◆ **To do**
Return exactly the lines of the records below, starting at the line that contains "Lemma vdot_tapply_gt0 x" and ending at the line that contains "have hge0 i", with both of those lines kept.

◆ **Dataset content**
++++++++++

(* Let $m\ge2$ and let $\mathcal{A}\in\mathbb{S}_{m,n}$ be strongly completely positive. Then (i) all H-eigenvalues of $\mathcal{A}$ are positive; (ii) all Z-eigenvalues of $\mathcal{A}$ are nonzero; moreover, when $m$ is even all Z-eigenvalues of $\mathcal{A}$ are positive, and when $m$ is odd a Z-eigenvector associated with a positive (respectively negative) Z-eigenvalue of $\mathcal{A}$ is nonnegative (respectively nonpositive).
   Context: $\mathbb{S}_{m,n}$: symmetric real $m$th order $n$-dimensional tensors. $(u^m)_{i_1\ldots i_m}=u_{i_1}\cdots u_{i_m}$; $(\mathcal{A}x^{m-1})_i=\sum_{i_2,\dots,i_m}a_{ii_2\ldots i_m}x_{i_2}\cdots x_{i_m}$; $x^{[m-1]}=(x_i^{m-1})_i$. $\lambda\in\mathbb{R}$ is an H-eigenvalue if $\mathcal{A}x^{m-1}=\lambda x^{[m-1]}$ for some $x\in\mathbb{R}^n\setminus\{0\}$. $\lambda\in\mathbb{R}$ is a Z-eigenvalue with Z-eigenvector $x\in\mathbb{R}^n$ if $\mathcal{A}x^{m-1}=\lambda x$ and $x^Tx=1$. $\mathcal{A}$ is strongly completely positive if $\mathcal{A}=\sum_{k=1}^r(u^{(k)})^m$ with $u^{(k)}\in\mathbb{R}^n_+$ and $\mathrm{span}\{u^{(1)},\dots,u^{(r)}\}=\mathbb{R}^n$. *)

From HB Require Import structures.
From mathcomp Require Import all_boot all_order all_algebra all_fingroup.
Set Implicit Arguments. Unset Strict Implicit. Unset Printing Implicit Defensive.
Import Order.TTheory GRing.Theory Num.Theory.
Local Open Scope ring_scope.

Definition tensor (R : Type) (m n : nat) := {ffun 'I_m -> 'I_n} -> R.

Definition symmetric_tensor (R : Type) (m n : nat) (A : tensor R m n) : Prop :=
  forall (idx : {ffun 'I_m -> 'I_n}) (s : 'S_m),
    A [ffun j => idx (s j)] = A idx.

Definition tpow (R : realFieldType) (m n : nat) (u : 'I_n -> R) : tensor R m n :=
  fun idx => \prod_(j < m) u (idx j).

(* (A x^{m-1})_i = sum_{i_2..i_m} a_{i i_2 ... i_m} x_{i_2} ... x_{i_m};
   the first index position is the one with value 0. *)
Definition tapply (R : realFieldType) (m n : nat) (A : tensor R m n)
  (x : 'I_n -> R) (i : 'I_n) : R :=
  \sum_(idx : {ffun 'I_m -> 'I_n} |
          [forall j : 'I_m, (val j == 0%N) ==> (idx j == i)])
     A idx * \prod_(j : 'I_m | val j != 0%N) x (idx j).

Definition H_eigenvalue (R : realFieldType) (m n : nat) (A : tensor R m n)
  (lambda : R) : Prop :=
  exists x : 'I_n -> R, (exists i, x i != 0) /\
    forall i, tapply A x i = lambda * x i ^+ m.-1.

Definition Z_eigenpair (R : realFieldType) (m n : nat) (A : tensor R m n)
  (lambda : R) (x : 'I_n -> R) : Prop :=
  (forall i, tapply A x i = lambda * x i) /\ \sum_(i < n) x i ^+ 2 = 1.

Definition Z_eigenvalue (R : realFieldType) (m n : nat) (A : tensor R m n)
  (lambda : R) : Prop :=
  exists x, Z_eigenpair A lambda x.

(* Strongly completely positive: A = sum_k (u^(k))^m with u^(k) >= 0
   entrywise and span{u^(1),...,u^(r)} = R^n (the matrix with rows u^(k)
   is row-full). *)
Definition strongly_completely_positive (R : realFieldType) (m n : nat)
  (A : tensor R m n) : Prop :=
  exists (r : nat) (u : 'I_r -> 'I_n -> R),
    (forall k i, 0 <= u k i) /\
    (forall idx, A idx = \sum_(k < r) @tpow R m n (u k) idx) /\
    row_full (\matrix_(k < r, i < n) u k i).

(* Write A = sum_k u_k^m with m = p + 1.  Then (A x^(m-1))_i = sum_k u_k,i (u_k.x)^p and
   x.(A x^(m-1)) = sum_k (u_k.x)^m, and since the u_k span R^n, u_k.x = 0 for all k forces
   x = 0.  For m even the form x.(A x^(m-1)) is therefore positive definite.  For m odd,
   p is even, so every entry of A x^(m-1) is nonnegative, and all of them vanish only at
   x = 0.  Comparing these facts with the eigen-equations gives the signs of the
   eigenvalues and, for m odd, of the Z-eigenvectors. *)
From mathcomp Require Import all_boot all_order all_algebra.
From mathcomp Require Import ring.
Set Implicit Arguments.
Unset Strict Implicit.
Unset Printing Implicit Defensive.

Import Order.TTheory GRing.Theory Num.Theory.
Local Open Scope ring_scope.

Definition vdot (R : nzRingType) (n : nat) (v x : 'I_n -> R) : R :=
  \sum_(l < n) v l * x l.

Lemma row_full_vdot_eq0 (R : fieldType) (r n : nat) (u : 'I_r -> 'I_n -> R)
    (x : 'I_n -> R) :
  row_full (\matrix_(k < r, i < n) u k i) ->
  (forall k, vdot (u k) x = 0) -> forall l, x l = 0.
Proof.
move=> hfull hux l.
have hU : (\matrix_(k < r, i < n) u k i) *m (\col_(i < n) x i) =
          (\matrix_(k < r, i < n) u k i) *m 0.
  rewrite mulmx0; apply/matrixP => k j; rewrite !mxE -[RHS](hux k).
  by apply: eq_bigr => i _; rewrite !mxE.
have := congr1 (fun M : 'M_(n, 1) => M l ord0) (row_full_inj hfull hU).
by rewrite !mxE.
Qed.

Lemma sum_ffun_head_prod_tail (R : comNzRingType) (p n : nat) (i : 'I_n)
    (G : 'I_n -> R) :
  \sum_(idx : {ffun 'I_p.+1 -> 'I_n} | idx ord0 == i)
     \prod_(j < p.+1 | j != ord0) G (idx j) = (\sum_l G l) ^+ p.
Proof.
(* Expand \prod_j \sum_l H j l, where row 0 of H is the indicator of i. *)
pose H (j : 'I_p.+1) (l : 'I_n) := if j == ord0 then (l == i)%:R else G l.
have := bigA_distr_bigA (one := 1) (times := *%R) (plus := +%R) H.
rewrite big_ord_recl /= /H eqxx (bigD1 i) //= eqxx big1 ?addr0; last first.
  by move=> l /negbTE ->.
rewrite prodr_const card_ord mul1r => ->.
rewrite big_mkcond; apply: eq_bigr => idx _.
rewrite [RHS]big_ord_recl big_mkcond big_ord_recl /=.
by case: eqP => _; rewrite ?mul1r ?mul0r.
Qed.

Lemma Z_eigenpair_value (R : realFieldType) (m n : nat) (A : tensor R m n)
    (lambda : R) (x : 'I_n -> R) :
  Z_eigenpair A lambda x -> lambda = \sum_i x i * tapply A x i.
Proof.
move=> [hx hnorm]; rewrite -[lambda]mulr1 -hnorm mulr_sumr.
by apply: eq_bigr => i _; rewrite hx; ring.
Qed.

Lemma Z_eigenvector_neq0 (R : realFieldType) (m n : nat) (A : tensor R m n)
    (lambda : R) (x : 'I_n -> R) :
  Z_eigenpair A lambda x -> ~ (forall l, x l = 0).
Proof.
move=> [_ hnorm] hx0; move: hnorm; rewrite big1 => [/eqP|i _].
  by rewrite eq_sym oner_eq0.
by rewrite hx0 expr0n.
Qed.

Section SumOfPowers.

Variables (R : realFieldType) (p r n : nat) (u : 'I_r -> 'I_n -> R).
Variable A : tensor R p.+1 n.
Hypothesis hA : forall idx, A idx = \sum_(k < r) tpow (u k) idx.

Lemma tapply_sum_tpow x i :
  tapply A x i = \sum_(k < r) u k i * vdot (u k) x ^+ p.
Proof.
rewrite /tapply (eq_bigl (fun idx : {ffun 'I_p.+1 -> 'I_n} => idx ord0 == i)).
  under eq_bigr => idx _ do rewrite hA mulr_suml.
  rewrite exchange_big /=; apply: eq_bigr => k _.
  rewrite -(sum_ffun_head_prod_tail p i) mulr_sumr.
  apply: eq_big => // idx /eqP idx0.
  by rewrite /tpow (bigD1 ord0) //= idx0 -mulrA -big_split.
move=> idx; apply/forallP/eqP => [/(_ ord0) /implyP /(_ isT) /eqP //| <- j].
by apply/implyP => /eqP j0; rewrite (_ : j = ord0) //; apply: val_inj.
Qed.

Lemma vdot_tapply x :
  \sum_i x i * tapply A x i = \sum_(k < r) vdot (u k) x ^+ p.+1.
Proof.
under eq_bigr => i _ do rewrite tapply_sum_tpow mulr_sumr.
rewrite exchange_big /=; apply: eq_bigr => k _.
by rewrite exprS mulrC mulr_sumr; apply: eq_bigr => i _; ring.
Qed.

Hypotheses (hu : forall k i, 0 <= u k i)
           (hfull : row_full (\matrix_(k < r, i < n) u k i)).

Section EvenOrder.

Hypothesis heven : ~~ odd p.+1.

Lemma vdot_tapply_gt0 x :
  ~ (forall l, x l = 0) -> 0 < \sum_i x i * tapply A x i.
Proof.
move=> hx; have hpow k : 0 <= vdot (u k) x ^+ p.+1 by exact: exprn_even_ge0.
rewrite vdot_tapply lt_def sumr_ge0 ?andbT //; apply/eqP => hsum.
apply/hx/(row_full_vdot_eq0 hfull) => k.
have /eqP := psumr_eq0P (fun k _ => hpow k) hsum (i := k) isT.
by rewrite expf_eq0 => /andP[_ /eqP].
Qed.

Lemma Z_eigenvalue_gt0_even lambda : Z_eigenvalue A lambda -> 0 < lambda.
Proof.
move=> [x hZ]; rewrite (Z_eigenpair_value hZ).
exact/vdot_tapply_gt0/(Z_eigenvector_neq0 hZ).
Qed.

End EvenOrder.

Section OddOrder.

Hypothesis hodd : odd p.+1.

Lemma tapply_ge0 x i : 0 <= tapply A x i.
Proof.
rewrite tapply_sum_tpow sumr_ge0 // => k _.
by rewrite mulr_ge0 // exprn_even_ge0.
Qed.

(* Each summand u_k,i (u_k.x)^p vanishes; summing them against x_i gives (u_k.x)^(p+1) = 0. *)
Lemma tapply_eq0 x : (forall i, tapply A x i = 0) -> forall l, x l = 0.
Proof.
move=> hx; apply: (row_full_vdot_eq0 hfull) => k.
have hterm i : u k i * vdot (u k) x ^+ p = 0.
  have hge0 k' : 0 <= u k' i * vdot (u k') x ^+ p.
    by rewrite mulr_ge0 // exprn_even_ge0.
  have hsum : \sum_(k' < r) u k' i * vdot (u k') x ^+ p = 0.
    by rewrite -tapply_sum_tpow hx.
  exact: (psumr_eq0P (fun k' _ => hge0 k') hsum (i := k) isT).
have /eqP : vdot (u k) x ^+ p.+1 = 0.
  by rewrite exprS /vdot mulr_suml big1 // => i _; rewrite mulrAC hterm mul0r.
by rewrite expf_eq0 => /andP[_ /eqP].
Qed.

Lemma Z_eigenpair_odd_sign lambda x :
  Z_eigenpair A lambda x -> forall i, 0 <= lambda * x i.
Proof. by move=> [hx _] i; rewrite -hx tapply_ge0. Qed.

End OddOrder.

Lemma H_eigenvalue_gt0 lambda : H_eigenvalue A lambda -> 0 < lambda.
Proof.
move=> [x [[i0 hx0] hx]].
have hx0' : ~ (forall l, x l = 0) by move/(_ i0)/eqP; exact/negP.
have [hodd|heven] := boolP (odd p.+1).
  rewrite ltNge; apply/negP => hlambda; apply/hx0'/tapply_eq0 => // i.
  apply/eqP; rewrite eq_le tapply_ge0 // hx mulr_le0_ge0 //.
  by rewrite exprn_even_ge0.
have hpow : 0 < \sum_i x i ^+ p.+1.
  have hge0 i : 0 <= x i ^+ p.+1 by exact: exprn_even_ge0.
  rewrite lt_def sumr_ge0 ?andbT //; apply/eqP => hsum.
  have /eqP := psumr_eq0P (fun i _ => hge0 i) hsum (i := i0) isT.
  by rewrite expf_eq0 (negbTE hx0) andbF.
have := vdot_tapply_gt0 heven hx0'.
have -> : \sum_i x i * tapply A x i = lambda * \sum_i x i ^+ p.+1.
  by rewrite mulr_sumr; apply: eq_bigr => i _; rewrite hx exprS; ring.
by rewrite pmulr_lgt0.
Qed.

Lemma Z_eigenvalue_neq0 lambda : Z_eigenvalue A lambda -> lambda != 0.
Proof.
move=> hZ; have [hodd|heven] := boolP (odd p.+1); last first.
  by rewrite gt_eqF // (Z_eigenvalue_gt0_even heven).
case: hZ => x hZ; apply/eqP => hlambda; apply: (Z_eigenvector_neq0 hZ).
by apply: tapply_eq0 => // i; case: hZ => hx _; rewrite hx hlambda mul0r.
Qed.

End SumOfPowers.

Theorem mainTheorem7 (R : realFieldType) (m n : nat) (A : tensor R m n)
  (hm : (2 <= m)%N) (hsym : symmetric_tensor A)
  (hscp : strongly_completely_positive A) :
  (forall lambda : R, H_eigenvalue A lambda -> 0 < lambda) /\
  (forall lambda : R, Z_eigenvalue A lambda -> lambda != 0) /\
  (~~ odd m -> forall lambda : R, Z_eigenvalue A lambda -> 0 < lambda) /\
  (odd m -> forall (lambda : R) (x : 'I_n -> R), Z_eigenpair A lambda x ->
     (0 < lambda -> forall i, 0 <= x i) /\
     (lambda < 0 -> forall i, x i <= 0)).
Proof.
case: m A hm hsym hscp => [//|p] A _ _ [r [u [hu [hA hfull]]]].
split; first exact: H_eigenvalue_gt0 hA hu hfull.
split; first exact: Z_eigenvalue_neq0 hA hu hfull.
split; first exact: Z_eigenvalue_gt0_even hA hfull.
move=> hodd lambda x hZ; have hsign := Z_eigenpair_odd_sign hA hu hodd hZ.
by split=> hlambda i; have := hsign i; [rewrite pmulr_rge0 | rewrite nmulr_rge0].
Qed.
(* For a positive integer $n$, let $f(n)$ be the maximum value of $\operatorname{Re}\big(\sum_{\xi \in S} \xi\big)$ over all subsets $S$ of the set of $n$-th roots of unity. Then $f(n) \le n/3$ for all $n \ge 3$, and $\lim_{n \to \infty} \frac{f(n)}{n} = \frac{1}{\pi}$. *)

From mathcomp Require Import all_boot all_order all_algebra.
From mathcomp Require Import all_classical all_reals all_analysis.
From mathcomp Require Import complex.
Import Order.TTheory GRing.Theory Num.Theory.
Local Open Scope ring_scope.

Definition root_unity (R : realType) (n : nat) (k : 'I_n) : R[i] :=
  Complex (cos (2 * pi * k%:R / n%:R)) (sin (2 * pi * k%:R / n%:R)).

(* Subsets are indexed by subsets of 'I_n (the map k |-> root_unity n k is a
   bijection onto the n-th roots of unity). The empty set gives 0, so using 0 as
   the neutral element of max does not change the value. *)
Definition f_roots (R : realType) (n : nat) : R :=
  \big[Order.max/0]_(S : {set 'I_n}) complex.Re (\sum_(k in S) root_unity R n k).

From mathcomp Require Import all_boot all_order all_algebra.
From mathcomp Require Import all_classical all_reals all_analysis.
From mathcomp Require Import complex.
From mathcomp Require Import ring lra zify.
Import Order.TTheory GRing.Theory Num.Theory.
Import numFieldNormedType.Exports.
Local Open Scope classical_set_scope.
Local Open Scope ring_scope.

(* The sum of a subset of the n-th roots of unity has the largest real part when
   the subset is the set of roots with positive real part, so f(n) is the sum
   of the positive parts of cos(2 k pi / n), i.e. 1 + 2 sum_(1 <= k <= m)
   cos(2 k pi / n) with m = (n - 1) / 4.  Multiplying by sin(pi / n) collapses
   this Dirichlet kernel to sin((2 m + 1) pi / n), whose argument lies within
   pi / n of pi / 2; hence 1 - (pi / n)^2 / 2 <= f(n) sin(pi / n) <= 1.
   Taylor bounds on sin then give |pi f(n) - n| <= pi for n >= 3, hence the
   limit 1 / pi, and f(n) <= n / 3 for n >= 7 using pi > 3.12; for 3 <= n <= 6
   the sums are computed exactly from cos(pi / 3) = 1 / 2 and cos(2 pi / 5) <= 1 / 3. *)

Section trigonometric_bounds.
Context {R : realType}.
Implicit Types x y : R.

Lemma ger0_derive_le (f df : R -> R) x : 0 <= x ->
  (forall y, is_derive y 1 f (df y)) -> (forall y, 0 <= y -> 0 <= df y) ->
  f 0 <= f x.
Proof.
move=> x0 fd df0.
have cf : {within `[0, x], continuous f}.
  apply: continuous_subspaceT => y.
  apply/differentiable_continuous/derivable1_diffP.
  exact: (@ex_derive _ _ _ _ _ _ _ (fd y)).
rewrite -subr_ge0; have [c + ->] := MVT_segment x0 (fun y _ => fd y) cf.
by rewrite in_itv /= => /andP[c0 _]; rewrite mulr_ge0 ?subr0 ?df0.
Qed.

Lemma sin_le_taylor1 x : 0 <= x -> sin x <= x.
Proof.
move=> x0; rewrite -subr_ge0 -[0](subrr 0) -[X in _ - X]sin0.
by apply: (@ger0_derive_le (fun y => y - sin y) (fun y => 1 - cos y)).
Qed.

Lemma taylor2_le_cos_ge0 x : 0 <= x -> 1 - x ^+ 2 / 2 <= cos x.
Proof.
move=> x0; rewrite -subr_ge0.
have := @ger0_derive_le (fun y => cos y - (1 - y ^+ 2 / 2)) (fun y => y - sin y) x x0.
rewrite cos0 expr0n /= mul0r subr0 subrr; apply.
  by move=> y; apply: is_derive_eq; rewrite /GRing.scale /=; field.
by move=> y y0; rewrite subr_ge0 sin_le_taylor1.
Qed.

Lemma taylor2_le_cos x : 1 - x ^+ 2 / 2 <= cos x.
Proof. by rewrite -cos_norm -real_normK ?num_real // taylor2_le_cos_ge0. Qed.

Lemma taylor3_le_sin x : 0 <= x -> x - x ^+ 3 / 6 <= sin x.
Proof.
move=> x0; rewrite -subr_ge0.
have := @ger0_derive_le (fun y => sin y - (y - y ^+ 3 / 6))
  (fun y => cos y - (1 - y ^+ 2 / 2)) x x0.
rewrite sin0 expr0n /= mul0r !subr0; apply.
  by move=> y; apply: is_derive_eq; rewrite /GRing.scale /=; field.
by move=> y _; rewrite subr_ge0 taylor2_le_cos.
Qed.

Lemma cos_le_taylor4 x : 0 <= x -> cos x <= 1 - x ^+ 2 / 2 + x ^+ 4 / 24.
Proof.
move=> x0; rewrite -subr_ge0.
have := @ger0_derive_le (fun y => 1 - y ^+ 2 / 2 + y ^+ 4 / 24 - cos y)
  (fun y => sin y - (y - y ^+ 3 / 6)) x x0.
rewrite cos0 !expr0n /= !mul0r subr0 addr0 subrr; apply.
  by move=> y; apply: is_derive_eq; rewrite /GRing.scale /=; field.
by move=> y y0; rewrite subr_ge0 taylor3_le_sin.
Qed.

Lemma sin_le_taylor5 x : 0 <= x -> sin x <= x - x ^+ 3 / 6 + x ^+ 5 / 120.
Proof.
move=> x0; rewrite -subr_ge0.
have := @ger0_derive_le (fun y => y - y ^+ 3 / 6 + y ^+ 5 / 120 - sin y)
  (fun y => 1 - y ^+ 2 / 2 + y ^+ 4 / 24 - cos y) x x0.
rewrite sin0 !expr0n /= !mul0r !subr0 addr0; apply.
  by move=> y; apply: is_derive_eq; rewrite /GRing.scale /=; field.
by move=> y y0; rewrite subr_ge0 cos_le_taylor4.
Qed.

Lemma pi_gt_78_25 : 78 / 25 < pi :> R.
Proof.
pose a : R := 39 / 50; have a0 : 0 <= a by rewrite /a; lra.
have cos_2a : 0 < cos (a *+ 2).
  have := sin_le_taylor5 _ a0; have := taylor3_le_sin _ a0.
  rewrite cos_mulr2n cos2sin2 /a => ? ?; nra.
have pi_ge2 := @pi_ge2 R; have pi_le4 : pi <= 4 :> R by have := @pihalf_lt2 R; lra.
have : cos (pi / 2) < cos (a *+ 2) by rewrite cos_pihalf.
set h := pi / 2; have h_def : h * 2 = pi by rewrite /h; field.
by rewrite ltr_cos ?in_itv /= /a ?mulr2n; try (apply/andP; split); lra.
Qed.

Lemma cos_mulr3n x : cos (x *+ 3) = 4 * cos x ^+ 3 - 3 * cos x.
Proof.
rewrite mulrSr cosD cos_mulr2n sin_mulr2n.
have -> : (cos x * sin x) *+ 2 * sin x = (cos x * sin x ^+ 2) *+ 2 by ring.
by rewrite sin2cos2; ring.
Qed.

Lemma cos_pi3 : cos (pi / 3) = 1 / 2 :> R.
Proof.
have pi_gt0 := @pi_gt0 R.
have c_gt0 : 0 < cos (pi / 3 : R) by apply: cos_gt0_pihalf; apply/andP; split; lra.
have := cos_mulr3n (pi / 3 : R); rewrite (_ : _ *+ 3 = pi) ?cospi; last first.
  by rewrite !mulrS mulr0n; field.
move: c_gt0; set c := cos _ => c_gt0 c3.
have : (c + 1) * (2 * c - 1) ^+ 2 = 0.
  by transitivity (4 * c ^+ 3 - 3 * c + 1); [ring | rewrite -c3 addNr].
move/eqP; rewrite mulf_eq0 expf_eq0 /= => /orP[] /eqP; lra.
Qed.

Lemma cos_2pi5_le : cos (2 * pi / 5) <= 1 / 3 :> R.
Proof.
have pi_gt0 := @pi_gt0 R; set a : R := 2 * pi / 5.
have c_gt0 : 0 < cos a by apply: cos_gt0_pihalf; apply/andP; split; rewrite /a; lra.
have s_gt0 : 0 < sin a by apply: sin_gt0_pi; apply/andP; split; rewrite /a; lra.
have c2 := cos2sin2 a.
have : cos (a *+ 3) = cos (a *+ 2).
  rewrite (_ : a *+ 3 = pi *+ 2 - a *+ 2); last by rewrite /a !mulrS mulr0n; field.
  by rewrite cosB cos2pi sin2pi mul1r mul0r addr0.
rewrite cos_mulr3n cos_mulr2n.
move: c_gt0 c2; set c := cos a => c_gt0 c2 c32.
have : (c - 1) * (4 * c ^+ 2 + 2 * c - 1) = 0.
  by transitivity (4 * c ^+ 3 - 3 * c - (c ^+ 2 *+ 2 - 1)); [ring | rewrite c32 subrr].
move/eqP; rewrite mulf_eq0 => /orP[] /eqP; nra.
Qed.

Lemma sin_mul_dirichlet x m :
  sin x * (1 + 2 * \sum_(1 <= k < m.+1) cos (2 * k%:R * x)) =
  sin ((2 * m%:R + 1) * x).
Proof.
elim: m => [|m IHm]; first by rewrite big_geq // !mulr0 addr0 mulr1 add0r mul1r.
rewrite big_nat_recr //= (mulrDr 2) addrA (mulrDr (sin x)) IHm.
have -> : (2 * m%:R + 1) * x = 2 * m.+1%:R * x - x by rewrite -addn1 natrD; ring.
have -> : (2 * m.+1%:R + 1) * x = 2 * m.+1%:R * x + x by ring.
by rewrite sinB sinD; ring.
Qed.

End trigonometric_bounds.

Lemma bigmax_set_sum (R : realDomainType) (I : finType) (a : I -> R) :
  \big[Order.max/0]_(S : {set I}) \sum_(i in S) a i = \sum_i Num.max 0 (a i).
Proof.
have max0_ge (x : R) : (0 <= Num.max 0 x) && (x <= Num.max 0 x).
  by rewrite !le_max !lexx orbT.
apply/eqP; rewrite eq_le; apply/andP; split.
  apply: bigmax_le => [|S _]; first by apply: sumr_ge0 => i _; case/andP: (max0_ge (a i)).
  rewrite [X in X <= _]big_mkcond /=; apply: ler_sum => i _.
  by case: (i \in S); case/andP: (max0_ge (a i)).
pose Spos := [set i | 0 < a i]%SET.
apply: le_trans (le_bigmax 0 (fun S : {set I} => \sum_(i in S) a i) Spos).
rewrite [X in _ <= X]big_mkcond /=; apply: ler_sum => i _; rewrite inE.
by case: ltP.
Qed.

Section positive_cosines.
Variable R : realType.
Implicit Types n k : nat.

Definition root_cos n k : R := cos (2 * k%:R * (pi / n%:R)).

++++++++++

◆ **Response to the exercise**
Lemma vdot_tapply_gt0 x :
  ~ (forall l, x l = 0) -> 0 < \sum_i x i * tapply A x i.
Proof.
move=> hx; have hpow k : 0 <= vdot (u k) x ^+ p.+1 by exact: exprn_even_ge0.
rewrite vdot_tapply lt_def sumr_ge0 ?andbT //; apply/eqP => hsum.
apply/hx/(row_full_vdot_eq0 hfull) => k.
have /eqP := psumr_eq0P (fun k _ => hpow k) hsum (i := k) isT.
by rewrite expf_eq0 => /andP[_ /eqP].
Qed.

Lemma Z_eigenvalue_gt0_even lambda : Z_eigenvalue A lambda -> 0 < lambda.
Proof.
move=> [x hZ]; rewrite (Z_eigenpair_value hZ).
exact/vdot_tapply_gt0/(Z_eigenvector_neq0 hZ).
Qed.

End EvenOrder.

Section OddOrder.

Hypothesis hodd : odd p.+1.

Lemma tapply_ge0 x i : 0 <= tapply A x i.
Proof.
rewrite tapply_sum_tpow sumr_ge0 // => k _.
by rewrite mulr_ge0 // exprn_even_ge0.
Qed.

(* Each summand u_k,i (u_k.x)^p vanishes; summing them against x_i gives (u_k.x)^(p+1) = 0. *)
Lemma tapply_eq0 x : (forall i, tapply A x i = 0) -> forall l, x l = 0.
Proof.
move=> hx; apply: (row_full_vdot_eq0 hfull) => k.
have hterm i : u k i * vdot (u k) x ^+ p = 0.
  have hge0 k' : 0 <= u k' i * vdot (u k') x ^+ p.
    by rewrite mulr_ge0 // exprn_even_ge0.
  have hsum : \sum_(k' < r) u k' i * vdot (u k') x ^+ p = 0.
    by rewrite -tapply_sum_tpow hx.
  exact: (psumr_eq0P (fun k' _ => hge0 k') hsum (i := k) isT).
have /eqP : vdot (u k) x ^+ p.+1 = 0.
  by rewrite exprS /vdot mulr_suml big1 // => i _; rewrite mulrAC hterm mul0r.
by rewrite expf_eq0 => /andP[_ /eqP].
Qed.

Lemma Z_eigenpair_odd_sign lambda x :
  Z_eigenpair A lambda x -> forall i, 0 <= lambda * x i.
Proof. by move=> [hx _] i; rewrite -hx tapply_ge0. Qed.

End OddOrder.

Lemma H_eigenvalue_gt0 lambda : H_eigenvalue A lambda -> 0 < lambda.
Proof.
move=> [x [[i0 hx0] hx]].
have hx0' : ~ (forall l, x l = 0) by move/(_ i0)/eqP; exact/negP.
have [hodd|heven] := boolP (odd p.+1).
  rewrite ltNge; apply/negP => hlambda; apply/hx0'/tapply_eq0 => // i.
  apply/eqP; rewrite eq_le tapply_ge0 // hx mulr_le0_ge0 //.
  by rewrite exprn_even_ge0.
have hpow : 0 < \sum_i x i ^+ p.+1.
  have hge0 i : 0 <= x i ^+ p.+1 by exact: exprn_even_ge0.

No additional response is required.